**** Given records ****
(* Let $P,PA$ be labelings, $c$ a command and $\rho_1,\rho_2,\mu_1,\mu_2$ states. Assume $\mathtt b\notin\mathrm{UsedVars}(c)$, $\rho_1(\mathtt b)=\rho_2(\mathtt b)=0$, $|a|_{\mu_1}>0$ and $|a|_{\mu_2}>0$ for every array $a$, $P;PA\vdash_{ct}c$, $\rho_1\sim_P\rho_2$ and $\mu_1\sim_{PA}\mu_2$. Then $\langle\mathrm{SvSLH}_P(c),\rho_1,\mu_1,\mathtt{false}\rangle\approx_s\langle\mathrm{SvSLH}_P(c),\rho_2,\mu_2,\mathtt{false}\rangle$.
   Context: Language AWhile: scalar variables $X\in\mathcal V$, arrays $a\in\mathcal A$; $e::=n\mid X\mid\mathrm{op}_{\mathbb N}(e,\dots,e)\mid be\,?\,e_1:e_2$; $be::=\mathtt{true}\mid\mathtt{false}\mid\mathrm{cmp}(e,e)\mid\mathrm{op}_{\mathbb B}(be,\dots,be)$; $c::=\mathtt{skip}\mid X:=e\mid c_1;c_2\mid\mathtt{if}\ be\ \mathtt{then}\ c_1\ \mathtt{else}\ c_2\mid\mathtt{while}\ be\ \mathtt{do}\ c\mid X\leftarrow a[e]\mid a[e]\leftarrow e'$. Scalar state $\rho:\mathcal V\to\mathbb N$; array state $\mu$ with sizes $|a|_\mu$ and values $\mu(a)[i]$; $[\![\cdot]\!]_\rho$ pure evaluation. $\mathrm{UsedVars}(c)$: scalar variables occurring in $c$; $\mathtt b$ a reserved scalar variable. Speculative semantics: configurations $\langle c,\rho,\mu,\beta\rangle$; steps labelled by optional observation ($\mathrm{branch}(v),\mathrm{read}(a,i),\mathrm{write}(a,i)$) and optional directive ($\mathit{step},\mathit{force},\mathrm{load}(a',j),\mathrm{store}(a',j)$). $X:=e\to\mathtt{skip}$ updating $X$; $c_1;c_2\to c_1';c_2$ if $c_1\to c_1'$; $\mathtt{skip};c\to c$; $\mathtt{while}\ be\ \mathtt{do}\ c\to\mathtt{if}\ be\ \mathtt{then}\ (c;\mathtt{while}\ be\ \mathtt{do}\ c)\ \mathtt{else}\ \mathtt{skip}$ (no obs, no directive, flag kept). Conditional: $\mathit{step}$ goes to branch $v=[\![be]\!]_\rho$; $\mathit{force}$ goes to branch $\neg v$ and sets $\beta:=\mathtt{true}$; obs $\mathrm{branch}(v)$. $X\leftarrow a[ie]$: with $\mathit{step}$ needs $i=[\![ie]\!]_\rho<|a|_\mu$, $X:=\mu(a)[i]$; with $\mathrm{load}(a',j)$ needs $\beta=\mathtt{true}$, $i\ge|a|_\mu$, $j<|a'|_\mu$, $X:=\mu(a')[j]$; obs $\mathrm{read}(a,i)$. $a[ie]\leftarrow e$: with $\mathit{step}$ needs $i<|a|_\mu$, $\mu[a[i]\mapsto[\![e]\!]_\rho]$; with $\mathrm{store}(a',j)$ needs $\beta=\mathtt{true}$, $i\ge|a|_\mu$, $j<|a'|_\mu$, $\mu[a'[j]\mapsto[\![e]\!]_\rho]$; obs $\mathrm{write}(a,i)$. $\langle c_1,\rho_1,\mu_1,\beta_1\rangle\approx_s\langle c_2,\rho_2,\mu_2,\beta_2\rangle$ iff for all $D,O_1,O_2$, whenever both multi-step with the same directive list $D$ producing $O_1,O_2$, $O_1=O_2$. Labels: $\mathtt{true}$=public, $\mathtt{false}$=secret; $\ell_1\sqsubseteq\ell_2$ iff $\ell_2=\mathtt{true}\Rightarrow\ell_1=\mathtt{true}$. $P(e),P(be)$ public iff all variables occurring are public. $\rho_1\sim_P\rho_2$: agreement on public scalar variables; $\mu_1\sim_{PA}\mu_2$: agreement on sizes and contents of public arrays. CCT typing $P;PA\vdash_{ct}c$: $\mathtt{skip}$; $X:=e$ if $P(e)\sqsubseteq P(X)$; $c_1;c_2$ if both typed; $\mathtt{if}$ if $P(be)=\mathtt{true}$ and both branches typed; $\mathtt{while}$ if $P(be)=\mathtt{true}$ and body typed; $X\leftarrow a[i]$ if $P(i)=\mathtt{true}$ and $PA(a)\sqsubseteq P(X)$; $a[i]\leftarrow e$ if $P(i)=\mathtt{true}$ and $P(e)\sqsubseteq PA(a)$. Transformation $\mathrm{SvSLH}_P$: $\mathtt{skip}$, $X:=e$, $a[i]\leftarrow e$ unchanged; sequences translated componentwise; $\mathtt{if}\ be\ \mathtt{then}\ c_1\ \mathtt{else}\ c_2\mapsto\mathtt{if}\ be\ \mathtt{then}\ (\mathtt b:=be\,?\,\mathtt b:1;[\![c_1]\!])\ \mathtt{else}\ (\mathtt b:=be\,?\,1:\mathtt b;[\![c_2]\!])$; $\mathtt{while}\ be\ \mathtt{do}\ c\mapsto(\mathtt{while}\ be\ \mathtt{do}\ (\mathtt b:=be\,?\,\mathtt b:1;[\![c]\!]));\ \mathtt b:=be\,?\,1:\mathtt b$; $X\leftarrow a[i]\mapsto(X\leftarrow a[i];\ X:=(\mathtt b==1)\,?\,0:X)$ if $P(X)=\mathtt{true}$, and unchanged otherwise. *)

From Stdlib Require Import String List Bool Arith.
Import ListNotations.
Open Scope string_scope.
Lemma env_mean_props i : (i < n)%nat -> I2 (a i) (b i) (env_mean i) /\
  E2 (a i) (b i) (env_mean i) <= 514 * r * Rabs (gap i) /\ forall x y, 0 <= env_mean i x y.
Proof.
  intros Hi; destruct (rates_ok i Hi) as [Hl Hu]. pose proof r_pos. pose proof r_sqr_ge1.
  pose proof (gap_le_mass i Hi). pose proof (Rabs_pos (gap i)).
  assert (HDD : gap i ^ 2 = Rabs (gap i) ^ 2) by (rewrite pow2_abs; auto).
  unfold env_mean. destruct (Rle_dec (Rabs (gap i)) r) as [Ha|Ha].
  - destruct (E2_env (a i) (b i) (gap i ^ 2) 0 0 0 0 0 Hl Hu) as [I E].
    split; [exact I|split].
    + rewrite E, HDD. nra.
    + intros; apply env_nonneg; try apply pos_INR; try lra. apply pow2_ge_0.
  - destruct (Rle_dec (r * Rabs (gap i)) (mass i)) as [Hb|Hb].
    + assert (HS : 0 < mass i) by nra.
      destruct (E2_env (a i) (b i) (2 * r^2 * gap i ^ 2 / mass i) 0 0 0
        (128 / mass i ^ 2) (128 / mass i ^ 2) Hl Hu) as [I E].
      split; [exact I|split].
      * rewrite E. unfold gap, mass in *.
        pose proof (env_mean_mid_expect (a i) (b i) Hl Hu ltac:(lra) Hb). lra.
      * assert (0 < mass i ^ 2) by (apply pow_lt; lra).
        intros; apply env_nonneg; try apply pos_INR; try lra; apply Rdiv_le_0_compat; try lra.
        pose proof (pow2_ge_0 (gap i)). nra.
    + destruct (E2_env (a i) (b i) (2 * r * Rabs (gap i)) 0 8 8 0 0 Hl Hu) as [I E].
      split; [exact I|split].
      * rewrite E. unfold mass in Hb. nra.
      * intros; apply env_nonneg; try apply pos_INR; nra.
Qed.

Lemma env_mean_ge tX tY i : (i < n)%nat ->
  gap i ^ 2 / fhat n m tX tY i <= env_mean i (tX i) (tY i).
Proof.
  intros Hi. destruct (fhat_props tX tY i) as [F1 [F2 [F3 F4]]]. destruct (rates_ok i Hi).
  pose proof r_pos. pose proof (pos_INR (tX i)). pose proof (pos_INR (tY i)).
  unfold env_mean, gap, mass; destruct (Rle_dec _ _); [|destruct (Rle_dec _ _)].
  - apply gap_term_le_env_small; auto.
  - apply gap_term_le_env_mid; auto; lra.
  - apply gap_term_le_env_large; auto; lra.
Qed.
(* Let $(\mathbb{R}^{n},g)$, $n\ge 3$, be Euclidean space with coordinates $x=(x_1,\dots,x_n)$ and $g_{ij}=\delta_{ij}$. Consider smooth functions $\varphi(\xi)$ and $u(\xi)$, where $\xi=\sum_{i=1}^{n}\alpha_i x_i$, $\alpha_i\in\mathbb{R}$, and $\sum_{i=1}^n\alpha_i^2=1$. Then $\overline g=\frac{1}{\varphi^2}g$ is a nontrivial $m$-quasi-Einstein metric with potential function $f=-m\log u$ and $\lambda\le 0$ if, and only if, $\varphi$ and $u$ satisfy $$(n-2)\frac{\varphi''}{\varphi}-\frac{m}{u}\Big(u''+2\frac{\varphi'}{\varphi}u'\Big)=0,$$ $$\frac{\varphi''}{\varphi}-(n-1)\frac{(\varphi')^2}{\varphi^2}+m\frac{\varphi'}{\varphi}\frac{u'}{u}=\frac{\lambda}{\varphi^2}.$$
   Context: A Riemannian metric $\overline g$ (not necessarily complete) is called an $m$-quasi-Einstein metric with potential function $f$ if $\mathrm{Ric}_{\overline g}+\nabla^2 f-\frac{1}{m}\,df\otimes df=\lambda\,\overline g$ for some constants $\lambda$ and $m\neq 0$, where $\nabla^2 f$ is the Hessian of $f$ with respect to $\overline g$. It is called nontrivial if $f$ is not constant. Primes denote derivatives with respect to $\xi$. *)

From Stdlib Require Import Reals.
From Coquelicot Require Import Coquelicot.
Open Scope R_scope.

Fixpoint sumR (n : nat) (f : nat -> R) : R :=
  match n with
  | O => 0
  | S k => sumR k f + f k
  end.

(* Points of R^n are represented as x : nat -> R; only x 0, ..., x (n-1) matter. *)
Definition upd (x : nat -> R) (i : nat) (t : R) : nat -> R :=
  fun j => if Nat.eqb j i then t else x j.

Definition pd (i : nat) (F : (nat -> R) -> R) (x : nat -> R) : R :=
  Derive (fun t => F (upd x i t)) (x i).

(* Coordinates-based Riemannian geometry: g i j x is the metric,
   gi i j x its inverse matrix. *)
Definition Metric := nat -> nat -> (nat -> R) -> R.

Definition christoffel (n : nat) (g gi : Metric) (k i j : nat) (x : nat -> R) : R :=
  / 2 * sumR n (fun l => gi k l x *
     (pd i (g j l) x + pd j (g i l) x - pd l (g i j) x)).

Definition ricci (n : nat) (g gi : Metric) (i j : nat) (x : nat -> R) : R :=
  let G := christoffel n g gi in
  sumR n (fun k =>
      pd k (G k i j) x - pd j (G k i k) x
    + sumR n (fun l => G k k l x * G l i j x - G k j l x * G l i k x)).

Definition hessian (n : nat) (g gi : Metric) (F : (nat -> R) -> R)
    (i j : nat) (x : nat -> R) : R :=
  pd i (pd j F) x - sumR n (fun k => christoffel n g gi k i j x * pd k F x).

Definition quasi_einstein (n : nat) (g gi : Metric) (f : (nat -> R) -> R)
    (m lambda : R) : Prop :=
  forall (x : nat -> R) (i j : nat), (i < n)%nat -> (j < n)%nat ->
    ricci n g gi i j x + hessian n g gi f i j x - / m * pd i f x * pd j f x
    = lambda * g i j x.

Definition conf_metric (Phi : (nat -> R) -> R) : Metric :=
  fun i j x => if Nat.eqb i j then / (Phi x ^ 2) else 0.
Definition conf_metric_inv (Phi : (nat -> R) -> R) : Metric :=
  fun i j x => if Nat.eqb i j then Phi x ^ 2 else 0.

Definition xi (n : nat) (alpha : nat -> R) (x : nat -> R) : R :=
  sumR n (fun i => alpha i * x i).

(* Every quantity depends on x only through xi = <alpha, x>, and the partial
   derivative of h(xi) in x_i is alpha_i h'(xi).  The Christoffel symbols of
   g / phi(xi)^2 are -(phi'/phi)(alpha_i delta_jk + alpha_j delta_ik - alpha_k delta_ij);
   contracting them with |alpha| = 1 gives
     Ric_ij = (n - 2)(phi''/phi) alpha_i alpha_j + (phi''/phi - (n - 1) phi'^2/phi^2) delta_ij,
   and Hess f - df (x) df / m is likewise a combination of alpha_i alpha_j and delta_ij.
   So the quasi-Einstein tensor minus lambda gbar is A(xi) alpha_i alpha_j + B(xi) delta_ij.
   As alpha <> 0 and n >= 2 this vanishes iff A = B = 0, and every value t of xi is
   attained (at x = t alpha); A = 0 and B = 0 are the two equations.  Neither the
   nontriviality of f nor the sign of lambda plays a role. *)

From Stdlib Require Import Reals Lra Lia.
From Coquelicot Require Import Coquelicot.
Open Scope R_scope.

Lemma sumR_ext n (F G : nat -> R) :
  (forall k, (k < n)%nat -> F k = G k) -> sumR n F = sumR n G.
Proof.
  induction n as [|n IH]; intros E; simpl; [reflexivity|].
  f_equal; [apply IH; intros k Hk|]; apply E; lia.
Qed.

Lemma sumR_plus n (F G : nat -> R) :
  sumR n (fun k => F k + G k) = sumR n F + sumR n G.
Proof. induction n as [|n IH]; simpl; [ring|rewrite IH; ring]. Qed.

Lemma sumR_minus n (F G : nat -> R) :
  sumR n (fun k => F k - G k) = sumR n F - sumR n G.
Proof. induction n as [|n IH]; simpl; [ring|rewrite IH; ring]. Qed.

Lemma sumR_scal_l n c (F : nat -> R) :
  sumR n (fun k => c * F k) = c * sumR n F.
Proof. induction n as [|n IH]; simpl; [ring|rewrite IH; ring]. Qed.

Lemma sumR_const n c : sumR n (fun _ => c) = INR n * c.
Proof. induction n as [|n IH]; simpl sumR; [simpl; ring|rewrite IH, S_INR; ring]. Qed.

Definition kron (i j : nat) : R := if Nat.eqb i j then 1 else 0.

Lemma kron_sym i j : kron i j = kron j i.
Proof. unfold kron; rewrite Nat.eqb_sym; reflexivity. Qed.

Lemma kron_diag i : kron i i = 1.
Proof. unfold kron; rewrite Nat.eqb_refl; reflexivity. Qed.

Lemma kron_neq i j : i <> j -> kron i j = 0.
Proof. intros Hij; unfold kron; apply Nat.eqb_neq in Hij; rewrite Hij; reflexivity. Qed.

Lemma sumR_kron_gen n k (F : nat -> R) :
  sumR n (fun l => kron k l * F l) = if Nat.ltb k n then F k else 0.
Proof.
  induction n as [|n IH]; simpl sumR; [reflexivity|]. rewrite IH.
  destruct (Nat.eq_dec k n) as [->|Hkn].
  - rewrite kron_diag, Nat.ltb_irrefl, (proj2 (Nat.ltb_lt n (S n))) by lia. ring.
  - rewrite kron_neq by exact Hkn.
    destruct (Nat.ltb_spec k n), (Nat.ltb_spec k (S n)); try lia; ring.
Qed.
****
> _What this task involves_:
Send back an exact copy of only the lines from the line with "(* Every quantity" up to and including the line with "g / phi(xi)^2" in the data above.

> _Solution to the exercise_:
(* Every quantity depends on x only through xi = <alpha, x>, and the partial
   derivative of h(xi) in x_i is alpha_i h'(xi).  The Christoffel symbols of
   g / phi(xi)^2 are -(phi'/phi)(alpha_i delta_jk + alpha_j delta_ik - alpha_k delta_ij);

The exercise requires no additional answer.